> **EXERCISE OBJECTIVE**:
Filter out all lines without the word "hornerM" from the data below, please, and copy the rest.

- Opening Delimiter -

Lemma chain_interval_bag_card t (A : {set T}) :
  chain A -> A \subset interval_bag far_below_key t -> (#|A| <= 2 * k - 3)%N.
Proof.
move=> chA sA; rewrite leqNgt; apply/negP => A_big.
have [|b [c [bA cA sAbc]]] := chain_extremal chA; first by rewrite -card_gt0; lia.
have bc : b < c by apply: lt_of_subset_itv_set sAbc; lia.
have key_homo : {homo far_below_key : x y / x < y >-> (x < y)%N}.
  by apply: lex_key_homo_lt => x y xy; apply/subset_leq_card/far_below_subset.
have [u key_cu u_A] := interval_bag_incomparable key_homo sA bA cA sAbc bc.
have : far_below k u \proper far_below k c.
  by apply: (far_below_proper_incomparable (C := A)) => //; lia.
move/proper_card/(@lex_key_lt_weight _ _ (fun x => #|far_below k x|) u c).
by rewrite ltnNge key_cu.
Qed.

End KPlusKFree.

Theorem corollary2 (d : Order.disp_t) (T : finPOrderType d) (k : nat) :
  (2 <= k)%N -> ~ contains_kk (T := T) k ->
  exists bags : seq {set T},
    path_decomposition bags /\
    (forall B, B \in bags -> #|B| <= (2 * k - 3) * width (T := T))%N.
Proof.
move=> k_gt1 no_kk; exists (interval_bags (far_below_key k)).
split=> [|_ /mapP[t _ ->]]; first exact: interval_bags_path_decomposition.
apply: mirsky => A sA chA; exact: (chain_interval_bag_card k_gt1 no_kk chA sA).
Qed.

- Closing Delimiter -
- Opening Delimiter -

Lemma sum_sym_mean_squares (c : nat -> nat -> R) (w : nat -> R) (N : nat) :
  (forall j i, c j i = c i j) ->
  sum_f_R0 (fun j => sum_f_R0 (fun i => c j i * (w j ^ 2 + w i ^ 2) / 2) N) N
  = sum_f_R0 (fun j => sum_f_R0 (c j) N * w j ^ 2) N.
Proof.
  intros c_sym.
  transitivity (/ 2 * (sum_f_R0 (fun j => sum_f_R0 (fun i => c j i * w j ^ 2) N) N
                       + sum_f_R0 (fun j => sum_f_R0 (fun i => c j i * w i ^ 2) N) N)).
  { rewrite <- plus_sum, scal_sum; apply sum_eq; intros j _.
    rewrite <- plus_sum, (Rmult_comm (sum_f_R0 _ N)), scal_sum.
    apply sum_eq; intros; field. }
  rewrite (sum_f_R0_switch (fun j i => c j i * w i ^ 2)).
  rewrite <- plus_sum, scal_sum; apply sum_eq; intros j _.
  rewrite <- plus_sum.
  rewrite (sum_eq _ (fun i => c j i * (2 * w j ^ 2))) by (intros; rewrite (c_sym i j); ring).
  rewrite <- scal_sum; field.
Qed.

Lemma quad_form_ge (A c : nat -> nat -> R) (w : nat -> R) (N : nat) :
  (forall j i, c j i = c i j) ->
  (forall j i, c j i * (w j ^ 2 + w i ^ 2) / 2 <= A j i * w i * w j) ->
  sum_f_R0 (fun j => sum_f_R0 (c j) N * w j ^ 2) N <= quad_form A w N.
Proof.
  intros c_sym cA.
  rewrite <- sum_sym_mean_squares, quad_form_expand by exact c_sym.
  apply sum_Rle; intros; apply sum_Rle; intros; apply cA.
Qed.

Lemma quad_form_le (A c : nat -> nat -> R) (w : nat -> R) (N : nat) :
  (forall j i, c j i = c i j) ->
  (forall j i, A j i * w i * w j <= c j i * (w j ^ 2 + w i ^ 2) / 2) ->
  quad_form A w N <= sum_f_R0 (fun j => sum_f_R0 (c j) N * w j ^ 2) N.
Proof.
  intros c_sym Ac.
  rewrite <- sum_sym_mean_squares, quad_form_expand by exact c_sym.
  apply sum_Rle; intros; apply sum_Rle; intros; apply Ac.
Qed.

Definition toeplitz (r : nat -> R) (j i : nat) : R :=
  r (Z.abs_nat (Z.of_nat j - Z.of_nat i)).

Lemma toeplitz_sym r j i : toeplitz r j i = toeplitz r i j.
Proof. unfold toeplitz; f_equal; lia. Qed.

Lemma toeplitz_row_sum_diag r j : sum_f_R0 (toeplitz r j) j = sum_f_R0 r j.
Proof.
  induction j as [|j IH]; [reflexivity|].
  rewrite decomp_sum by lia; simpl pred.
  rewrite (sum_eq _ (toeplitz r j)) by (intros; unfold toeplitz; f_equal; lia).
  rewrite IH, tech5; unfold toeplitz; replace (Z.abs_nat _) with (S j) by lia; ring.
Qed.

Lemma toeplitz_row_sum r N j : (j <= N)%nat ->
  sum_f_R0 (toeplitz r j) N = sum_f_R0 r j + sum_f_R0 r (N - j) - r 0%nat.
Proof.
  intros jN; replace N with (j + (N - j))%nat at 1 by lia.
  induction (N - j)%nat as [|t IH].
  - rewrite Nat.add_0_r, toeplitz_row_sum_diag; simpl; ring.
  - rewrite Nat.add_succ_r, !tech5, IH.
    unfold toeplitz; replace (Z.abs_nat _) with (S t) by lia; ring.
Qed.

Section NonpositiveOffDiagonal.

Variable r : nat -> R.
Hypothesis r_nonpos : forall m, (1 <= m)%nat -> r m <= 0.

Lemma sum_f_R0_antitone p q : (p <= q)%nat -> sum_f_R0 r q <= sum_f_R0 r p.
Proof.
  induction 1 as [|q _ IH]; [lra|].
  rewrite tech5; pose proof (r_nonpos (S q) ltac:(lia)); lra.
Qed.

- Closing Delimiter -
- Opening Delimiter -

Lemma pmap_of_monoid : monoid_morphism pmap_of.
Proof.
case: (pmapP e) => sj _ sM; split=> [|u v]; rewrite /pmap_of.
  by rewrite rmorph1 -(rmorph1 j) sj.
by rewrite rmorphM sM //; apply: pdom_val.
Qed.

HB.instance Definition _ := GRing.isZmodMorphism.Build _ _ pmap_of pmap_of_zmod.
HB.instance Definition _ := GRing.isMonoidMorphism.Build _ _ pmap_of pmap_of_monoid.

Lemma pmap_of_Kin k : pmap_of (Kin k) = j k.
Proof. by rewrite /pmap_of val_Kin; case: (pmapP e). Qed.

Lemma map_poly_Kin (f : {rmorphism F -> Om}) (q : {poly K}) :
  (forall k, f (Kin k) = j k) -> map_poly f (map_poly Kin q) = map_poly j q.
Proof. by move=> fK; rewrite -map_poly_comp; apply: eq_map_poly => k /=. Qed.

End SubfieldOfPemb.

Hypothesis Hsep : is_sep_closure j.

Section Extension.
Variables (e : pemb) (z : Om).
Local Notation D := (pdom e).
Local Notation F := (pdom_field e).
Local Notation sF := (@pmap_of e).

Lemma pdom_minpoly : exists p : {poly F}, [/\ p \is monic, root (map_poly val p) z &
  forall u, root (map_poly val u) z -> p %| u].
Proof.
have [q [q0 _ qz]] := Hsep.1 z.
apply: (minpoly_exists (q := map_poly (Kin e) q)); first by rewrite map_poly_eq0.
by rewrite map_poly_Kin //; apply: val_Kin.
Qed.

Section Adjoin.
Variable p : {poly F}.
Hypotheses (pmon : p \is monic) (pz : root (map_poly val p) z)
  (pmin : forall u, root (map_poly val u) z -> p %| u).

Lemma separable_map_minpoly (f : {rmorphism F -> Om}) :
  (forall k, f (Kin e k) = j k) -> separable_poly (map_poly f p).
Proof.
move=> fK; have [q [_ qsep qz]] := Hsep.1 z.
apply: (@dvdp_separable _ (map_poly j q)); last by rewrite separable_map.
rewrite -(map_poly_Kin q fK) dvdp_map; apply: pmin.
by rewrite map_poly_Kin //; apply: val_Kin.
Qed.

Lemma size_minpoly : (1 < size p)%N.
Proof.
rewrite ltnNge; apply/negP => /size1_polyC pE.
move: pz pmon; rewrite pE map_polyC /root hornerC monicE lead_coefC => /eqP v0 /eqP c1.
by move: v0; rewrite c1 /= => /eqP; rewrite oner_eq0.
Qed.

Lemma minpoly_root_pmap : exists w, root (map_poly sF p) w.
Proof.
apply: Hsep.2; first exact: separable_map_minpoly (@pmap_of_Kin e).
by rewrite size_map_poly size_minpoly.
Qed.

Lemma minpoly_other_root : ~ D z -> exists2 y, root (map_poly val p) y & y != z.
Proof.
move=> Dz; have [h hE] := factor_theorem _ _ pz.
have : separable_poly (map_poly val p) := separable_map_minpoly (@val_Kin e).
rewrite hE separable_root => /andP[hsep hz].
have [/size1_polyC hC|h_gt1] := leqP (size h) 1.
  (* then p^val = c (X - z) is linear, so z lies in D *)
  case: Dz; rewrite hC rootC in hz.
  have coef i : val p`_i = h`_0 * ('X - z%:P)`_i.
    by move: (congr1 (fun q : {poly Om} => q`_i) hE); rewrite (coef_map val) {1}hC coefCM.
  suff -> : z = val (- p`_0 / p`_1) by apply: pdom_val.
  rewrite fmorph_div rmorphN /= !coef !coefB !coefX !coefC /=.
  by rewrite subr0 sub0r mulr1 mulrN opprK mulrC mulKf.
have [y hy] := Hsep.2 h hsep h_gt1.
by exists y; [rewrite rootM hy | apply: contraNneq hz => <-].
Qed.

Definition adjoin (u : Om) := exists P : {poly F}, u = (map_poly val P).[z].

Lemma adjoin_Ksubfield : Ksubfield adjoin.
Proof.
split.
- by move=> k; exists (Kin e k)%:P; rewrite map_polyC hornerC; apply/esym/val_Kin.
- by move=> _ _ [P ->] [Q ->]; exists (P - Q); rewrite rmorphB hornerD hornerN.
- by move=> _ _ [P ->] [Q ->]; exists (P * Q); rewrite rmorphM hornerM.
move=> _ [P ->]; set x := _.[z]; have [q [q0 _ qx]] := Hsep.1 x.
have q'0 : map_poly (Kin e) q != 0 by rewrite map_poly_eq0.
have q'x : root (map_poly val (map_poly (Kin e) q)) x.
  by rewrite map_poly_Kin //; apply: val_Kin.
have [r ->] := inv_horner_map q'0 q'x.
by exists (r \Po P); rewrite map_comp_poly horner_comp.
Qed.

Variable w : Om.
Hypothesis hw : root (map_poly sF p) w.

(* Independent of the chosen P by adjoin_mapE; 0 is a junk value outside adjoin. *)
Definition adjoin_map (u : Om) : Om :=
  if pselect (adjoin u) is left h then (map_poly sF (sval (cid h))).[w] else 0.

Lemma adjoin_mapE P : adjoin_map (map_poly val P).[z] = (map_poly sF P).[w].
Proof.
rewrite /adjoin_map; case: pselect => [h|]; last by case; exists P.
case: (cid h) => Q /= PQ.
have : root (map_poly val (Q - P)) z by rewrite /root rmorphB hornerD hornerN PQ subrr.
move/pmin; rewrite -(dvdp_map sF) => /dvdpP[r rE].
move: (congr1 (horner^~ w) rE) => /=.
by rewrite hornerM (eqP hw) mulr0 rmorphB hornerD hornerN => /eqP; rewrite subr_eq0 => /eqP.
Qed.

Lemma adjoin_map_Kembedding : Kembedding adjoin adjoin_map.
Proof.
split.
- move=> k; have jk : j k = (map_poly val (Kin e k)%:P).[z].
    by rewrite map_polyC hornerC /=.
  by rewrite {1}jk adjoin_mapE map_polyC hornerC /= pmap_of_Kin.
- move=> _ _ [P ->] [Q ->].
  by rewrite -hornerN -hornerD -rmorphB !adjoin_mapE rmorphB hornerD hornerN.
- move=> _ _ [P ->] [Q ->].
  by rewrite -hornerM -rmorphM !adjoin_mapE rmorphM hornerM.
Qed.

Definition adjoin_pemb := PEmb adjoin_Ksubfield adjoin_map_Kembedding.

- Closing Delimiter -

> **RESULT OF THIS EXERCISE**:
- by move=> _ _ [P ->] [Q ->]; exists (P * Q); rewrite rmorphM hornerM.
by rewrite hornerM (eqP hw) mulr0 rmorphB hornerD hornerN => /eqP; rewrite subr_eq0 => /eqP.
  by rewrite -hornerM -rmorphM !adjoin_mapE rmorphM hornerM.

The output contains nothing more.